Note to self: I need to catch up with this thread!

@Elliot I almost entirely agree with your description of the free torsor, but I would make one small change to step 3. You write "Construct the free torsor on two elements A and B by taking all elements X of the free group of the form X=YZ^{-1}W" but I don't think Y,Z, and W can be arbitrary elements of the free group. I think they have to be only those elements you get by starting with A and B and applying that operation repeatedly to get larger and larger subsets of the free group. Explicitly, let S be a subgroup of the free group on {A,B} and let H(S)={YZ^{-1}W | Y,Z,W \in S}. I'm thinking "H" for "Heap operation". Let T_0={A,B} and define T_n inductively by T_n = T_{n-1} U H(T_{n-1}). Then the free torsor on {A,B} is the union of all the T_n for n=0,1,2, etc. (I think this accurately describes the idea from the last paragraph, but the idea is the more important thing at any rate.) So for example, T_0 = {A,B} so these are both elements of the free torsor. Then we find T_1 = {A,B} U { YZ^{-1}W | Y,Z,W are in {A,B} }. The second set in this union equals {A,B, AB^{-1}A, BA^{-1}B}. Thus T_1={A,B,AB^{-1}A, BA^{-1}B} so each of these are elements of the free torsor. You can keep on doing this but I don't think you are ever able to construct A^{-1} from this procedure. Consequently the free torsor is a strict subset of the free group. What does it look like then? I'll quote from a previous post In general, for the free torsor on X "I expect both the structure group and the torsor itself embed in the free group on X, with the structure group being the subgroup of the free group generated by all elements xy^{-1} with x and y in X, and the torsor itself consisting of all products tx with t in the structure group and x in X. And (A->B)C is represented as AB^{-1}C." Thus a typical element of the free torsor looks like (ab^{-1})(cd^{-1})...(xy^{-1})z with each of the elements a...z belonging to X. In terms of how this is justified the very rough idea is that you can quantify how many heap operations it takes to produce a particular element starting with (the set the torsor is free on, namely) X. Then you can do induction on how many heap operations it takes to form each element in a particular expression.

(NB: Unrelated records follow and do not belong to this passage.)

(* Let $f:\mathbb{R}\to(0,\infty)$ be $C^4$, unimodal with maximum at $0$, of the form $f=e^{-H}$ with $H$ regularly varying (there is $\alpha>0$ with $H(tx)/H(t)\to x^\alpha$ as $|t|\to\infty$ for all $x>0$), and with $|(\log f)''''|<M$ for some $M>0$. Suppose there exists $\gamma>0$ such that $|\mathrm{Var}_{g_\beta}(Y^2)-2|=\mathcal{O}(\beta^{-\gamma})$ as $\beta\to\infty$, where $g_\beta(y)\propto f^\beta\big(y/\sqrt{-\beta h''(0)}\big)$ is a probability density. Then, as $\beta\to\infty$, $$\frac{1}{4\beta}R(\beta)=\mathcal{O}(\beta^{-k}),$$ where in general $k=5/2$, but if $h'''(0)=0$ then $k=3$.
   Context: $h=\log f$, $k(x)=xh'(x)$, $r(x)=x^2h''(x)$; $\mathbb{E}_\beta$ denotes expectation under $f^\beta/\int f^\beta$; $R(\beta)=\mathbb{E}_\beta[r(X)-k(X)]$. *)

From Stdlib Require Import Reals.
From Coquelicot Require Import Coquelicot.
Open Scope R_scope.

Definition C4 (f : R -> R) : Prop :=
  (forall (n : nat) (x : R), (n <= 4)%nat -> ex_derive_n f n x) /\
  (forall x : R, continuous (Derive_n f 4) x).

Definition unimodal_at0 (f : R -> R) : Prop :=
  (forall x y : R, x <= y <= 0 -> f x <= f y) /\
  (forall x y : R, 0 <= x <= y -> f y <= f x).

Definition regularly_varying (H : R -> R) (alpha : R) : Prop :=
  forall x : R, 0 < x ->
    is_lim (fun t => H (t * x) / H t) p_infty (Rpower x alpha) /\
    is_lim (fun t => H (t * x) / H t) m_infty (Rpower x alpha).

Definition int_R (g : R -> R) : R :=
  RInt_gen g (Rbar_locally m_infty) (Rbar_locally p_infty).

Definition Ebeta (f : R -> R) (beta : R) (phi : R -> R) : R :=
  int_R (fun x => phi x * Rpower (f x) beta) / int_R (fun x => Rpower (f x) beta).

Definition hlog (f : R -> R) : R -> R := fun x => ln (f x).

(* R(beta) = E_beta[r(X) - k(X)],  k(x) = x h'(x), r(x) = x^2 h''(x) *)
Definition Rfun (f : R -> R) (beta : R) : R :=
  Ebeta f beta (fun x => x ^ 2 * Derive_n (hlog f) 2 x - x * Derive_n (hlog f) 1 x).

Definition gscale (f : R -> R) (beta : R) : R :=
  sqrt (- beta * Derive_n (hlog f) 2 0).

Definition Eg (f : R -> R) (beta : R) (phi : R -> R) : R :=
  int_R (fun y => phi y * Rpower (f (y / gscale f beta)) beta) /
  int_R (fun y => Rpower (f (y / gscale f beta)) beta).

Definition VarY2 (f : R -> R) (beta : R) : R :=
  Eg f beta (fun y => y ^ 4) - (Eg f beta (fun y => y ^ 2)) ^ 2.

Definition bigO_infty (u v : R -> R) : Prop :=
  exists C beta0 : R, forall beta : R, beta0 <= beta -> Rabs (u beta) <= C * Rabs (v beta).

From Stdlib Require Import Reals Lra Lia Classical_Pred_Type.
From Coquelicot Require Import Coquelicot.
Open Scope R_scope.

(* Write [f ^ beta = exp (beta h(0)) exp (beta (h - h(0)))] with [h = log f].  As [h'(0) = 0]
   and [|h''''| < M], Taylor's formula bounds the integrand of [R] by
   [2 (|h'''(0)| |x|^3 + M x^4)], so it suffices that [|x|^3] and [x^4] have moments of order
   [beta^(-3/2)] and [beta^(-2)] under [f ^ beta].  Near [0], [h - h(0)] lies between two
   negative quadratics.  Regular variation makes [-h(2t)] exceed [-h(t)] by a fixed amount for
   large [|t|], so [exp (b h)] decays faster than [|x|^(-6)] for some fixed [b]; with unimodality
   this yields the uniform bound [(1 + beta x^2)^3 exp (beta (h - h(0))) <= K].  Comparing with
   the Lorentzian [1 / (1 + beta x^2)] bounds the numerator of [R(beta)] by [beta^(-1/2)] times
   those moment orders, while the quadratic lower bound near [0] bounds the normalising integral
   below by a multiple of [beta^(-1/2)]. *)

Fixpoint derivable_upto (n : nat) (u : R -> R) : Prop :=
  match n with
  | O => True
  | S m => (forall x, ex_derive u x) /\ derivable_upto m (Derive u)
  end.

Lemma derivable_upto_ext n : forall u v : R -> R,
  (forall x, u x = v x) -> derivable_upto n u -> derivable_upto n v.
Proof.
  induction n as [|n IH]; simpl; auto.
  intros u v E [Du Cu]; split.
  - intros x; apply (ex_derive_ext u); auto.
  - apply (IH (Derive u)); auto; intros x; apply Derive_ext; auto.
Qed.

Lemma derivable_upto_S n : forall u, derivable_upto (S n) u -> derivable_upto n u.
Proof.
  induction n as [|n IH]; simpl; auto.
  intros u [Du Cu]; split; auto.
Qed.

Lemma derivable_upto_const n : forall c, derivable_upto n (fun _ => c).
Proof.
  induction n as [|n IH]; simpl; auto.
  intros c; split.
  - intros x; apply ex_derive_const.
  - apply (derivable_upto_ext n (fun _ => 0)); auto.
    intros x; rewrite Derive_const; auto.
Qed.

Lemma derivable_upto_plus n : forall u v,
  derivable_upto n u -> derivable_upto n v -> derivable_upto n (fun x => u x + v x).
Proof.
  induction n as [|n IH]; simpl; auto.
  intros u v [Du Cu] [Dv Cv]; split.
  - intros x; apply (ex_derive_plus u v); auto.
  - apply (derivable_upto_ext n (fun x => Derive u x + Derive v x)); auto.
    intros x; rewrite Derive_plus; auto.
Qed.

Lemma derivable_upto_mult n : forall u v,
  derivable_upto n u -> derivable_upto n v -> derivable_upto n (fun x => u x * v x).
Proof.
  induction n as [|n IH]; simpl; auto.
  intros u v [Du Cu] [Dv Cv]; split.
  - intros x; apply (ex_derive_mult u v); auto.
  - apply (derivable_upto_ext n (fun x => Derive u x * v x + u x * Derive v x)).
    + intros x; rewrite Derive_mult; auto.
    + apply derivable_upto_plus; apply IH; auto;
        apply derivable_upto_S; simpl; auto.
Qed.

Lemma derivable_upto_inv n : forall u,
  (forall x, u x <> 0) -> derivable_upto n u -> derivable_upto n (fun x => / u x).
Proof.
  induction n as [|n IH]; simpl; auto.
  intros u Hu [Du Cu]; split.
  - intros x; apply (ex_derive_inv u); auto.
  - apply (derivable_upto_ext n (fun x => (- 1 * Derive u x) * (/ u x * / u x))).
    + intros x; rewrite Derive_inv; auto; field; auto.
    + assert (Cinv : derivable_upto n (fun x => / u x))
        by (apply IH; auto; apply derivable_upto_S; simpl; auto).
      apply derivable_upto_mult; apply derivable_upto_mult; auto using derivable_upto_const.
Qed.

Lemma derivable_upto_ln n u :
  (forall x, 0 < u x) -> derivable_upto (S n) u -> derivable_upto (S n) (fun x => ln (u x)).
Proof.
  intros Hu [Du Cu]; split.
  - intros x; apply (ex_derive_comp ln u); auto.
    eexists; apply is_derive_ln; auto.
  - apply (derivable_upto_ext n (fun x => Derive u x * / u x)).
    + intros x; symmetry; apply is_derive_unique.
      exact (is_derive_comp ln u x _ _ (is_derive_ln _ (Hu x)) (Derive_correct _ _ (Du x))).
    + apply derivable_upto_mult; auto.
      apply derivable_upto_inv; [intros x; specialize (Hu x); lra|].
      apply derivable_upto_S; simpl; auto.
Qed.

Lemma Derive_n_S (u : R -> R) k x : Derive_n u (S k) x = Derive_n (Derive u) k x.
Proof. rewrite <- Nat.add_1_r, <- (Derive_n_comp u k 1); reflexivity. Qed.

Lemma derivable_upto_of_ex_derive_n n : forall u,
  (forall k x, (k <= n)%nat -> ex_derive_n u k x) -> derivable_upto n u.
Proof.
  induction n as [|n IH]; simpl; auto.
  intros u H; split.
  - intros x; apply (H 1%nat x); lia.
  - apply IH; intros [|k] x Hk; simpl; auto.
    apply (ex_derive_ext (Derive_n u (S k))).
    + intros t; apply Derive_n_S.
    + apply (H (S (S k)) x); lia.
Qed.

Lemma derivable_upto_is_derive_n n : forall u k x, derivable_upto n u -> (k < n)%nat ->
  is_derive (Derive_n u k) x (Derive_n u (S k) x).
Proof.
  induction n as [|n IH]; intros u k x Cu Hk; [lia|].
  destruct Cu as [Du Cu], k as [|k].
  - apply Derive_correct, Du.
  - rewrite Derive_n_S; apply (is_derive_ext (Derive_n (Derive u) k)).
    + intros t; rewrite Derive_n_S; reflexivity.
    + apply IH; auto; lia.
Qed.

Lemma derivable_upto_hlog f : (forall x, 0 < f x) -> C4 f -> derivable_upto 4 (hlog f).
Proof.
  intros f_pos [f_der _]; apply derivable_upto_ln; auto.
  apply derivable_upto_of_ex_derive_n; auto.
Qed.

(** * Integrals over the real line *)

Lemma ex_RInt_continuous_R (g : R -> R) a b : (forall x, continuous g x) -> ex_RInt g a b.
Proof. intros Cg; apply (ex_RInt_continuous (V := R_CompleteNormedModule)); auto. Qed.

Lemma RInt_le_RInt_subinterval (g : R -> R) a0 b0 a b :
  (forall x, 0 <= g x) -> (forall x, continuous g x) ->
  a <= a0 -> a0 <= b0 -> b0 <= b -> RInt g a0 b0 <= RInt g a b.
Proof.
  intros Pg Cg H1 H2 H3.
  rewrite <- (RInt_Chasles g a a0 b), <- (RInt_Chasles g a0 b0 b)
    by (apply ex_RInt_continuous_R; auto).
  assert (0 <= RInt g a a0) by (apply RInt_ge_0; auto; apply ex_RInt_continuous_R; auto).
  assert (0 <= RInt g b0 b) by (apply RInt_ge_0; auto; apply ex_RInt_continuous_R; auto).
  change plus with Rplus; lra.
Qed.

(* The limit is the supremum of the integrals over bounded intervals. *)
Lemma int_R_nonneg (g : R -> R) (B : R) :
  (forall x, 0 <= g x) -> (forall x, continuous g x) ->
  (forall a b, a <= b -> RInt g a b <= B) ->
  is_RInt_gen g (Rbar_locally m_infty) (Rbar_locally p_infty) (int_R g) /\
  int_R g <= B /\ (forall a b, a <= b -> RInt g a b <= int_R g).
Proof.
  intros Pg Cg HB.
  set (E := fun y => exists a b, a <= b /\ y = RInt g a b).
  destruct (completeness E) as [L [HL1 HL2]].
  { exists B; intros y (a & b & Hab & ->); auto. }
  { exists (RInt g 0 0), 0, 0; split; auto; lra. }
  assert (Hub : forall a b, a <= b -> RInt g a b <= L)
    by (intros a b Hab; apply HL1; exists a, b; auto).
  assert (HL : is_RInt_gen g (Rbar_locally m_infty) (Rbar_locally p_infty) L).
  { intros P [eps Heps].
    assert (Hex : exists a0 b0, a0 <= b0 /\ L - eps < RInt g a0 b0).
    { apply not_all_not_ex; intros Hn.
      assert (L <= L - eps); [|destruct eps; simpl in *; lra].
      apply HL2; intros y (a & b & Hab & ->).
      apply Rnot_lt_le; intros Hc; apply (Hn a); exists b; auto. }
    destruct Hex as (a0 & b0 & Hab0 & Hlt).
    exists (fun a => a < a0) (fun b => b0 < b); [exists a0; auto|exists b0; auto|].
    intros a b Ha Hb; exists (RInt g a b); split.
    - exact (RInt_correct (V := R_CompleteNormedModule) g a b (ex_RInt_continuous_R g a b Cg)).
    - apply Heps.
      assert (RInt g a0 b0 <= RInt g a b) by (apply RInt_le_RInt_subinterval; auto; lra).
      assert (RInt g a b <= L) by (apply Hub; lra).
      change (Rabs (RInt g a b - L) < eps); apply Rabs_def1; lra. }
  assert (EL : int_R g = L) by (apply is_RInt_gen_unique; auto).
  rewrite EL; repeat split; auto.
  apply HL2; intros y (a & b & Hab & ->); auto.
Qed.

(* Both [G] and [G + g] are nonnegative, and [int_R (G + g) <= 2 * int_R G]. *)
Lemma Rabs_int_R_le (g G : R -> R) (B : R) :
  (forall x, continuous g x) -> (forall x, continuous G x) ->
  (forall x, Rabs (g x) <= G x) -> (forall a b, a <= b -> RInt G a b <= B) ->
  Rabs (int_R g) <= B.
Proof.
  intros Cg CG Hd HB.
  assert (Hg : forall x, - G x <= g x <= G x) by (intros x; apply Rabs_le_between, Hd).
  assert (CGg : forall x, continuous (fun x => G x + g x) x)
    by (intros x; apply (continuous_plus G g); auto).
  destruct (int_R_nonneg G B) as (IG & LG & HG); auto.
  { intros x; specialize (Hg x); lra. }
  destruct (int_R_nonneg (fun x => G x + g x) (2 * int_R G)) as (IGg & LGg & HGg); auto.
  { intros x; specialize (Hg x); lra. }
  { intros a b Hab.
    apply Rle_trans with (RInt (fun x => G x + G x) a b).
    - apply RInt_le; auto; try (apply ex_RInt_continuous_R; auto).
      + intros x; apply (continuous_plus G G); auto.
      + intros x _; specialize (Hg x); lra.
    - pose proof (RInt_plus (V := R_CompleteNormedModule) G G a b) as E.
      change plus with Rplus in E; rewrite E by (apply ex_RInt_continuous_R; auto).
      specialize (HG a b Hab); lra. }
  assert (Ig : is_RInt_gen g (Rbar_locally m_infty) (Rbar_locally p_infty)
                 (int_R (fun x => G x + g x) - int_R G)).
  { eapply is_RInt_gen_ext; [|exact (is_RInt_gen_minus _ _ _ _ IGg IG)].
    exists (fun _ => True) (fun _ => True); try (exists 0; auto).
    intros a b _ _ x _; unfold minus, plus, opp; simpl; ring. }
  unfold int_R at 1; rewrite (is_RInt_gen_unique _ _ Ig).
  specialize (HG 0 0 (Rle_refl 0)); specialize (HGg 0 0 (Rle_refl 0)).
  rewrite RInt_point in HG, HGg; change zero with 0 in HG, HGg.
  apply Rabs_le; lra.
Qed.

Thank you for fixing my construction! I see how you have to iteratively construct each "layer" of the torsor; very roughly: you start by writing down the differences, then the differences of differences, then differences of differences of differences and so on forever. Then you can refer to any element of the torsor in a finite sequence of steps by saying what "layer" it is in.

@Elliot Yes, I'm going about it very algebraically. I have all sorts of images in my head of what different things mean, but I can't hold it all in my head at once. I hope once I have the math worked out I can translate it back into pictures 🙂.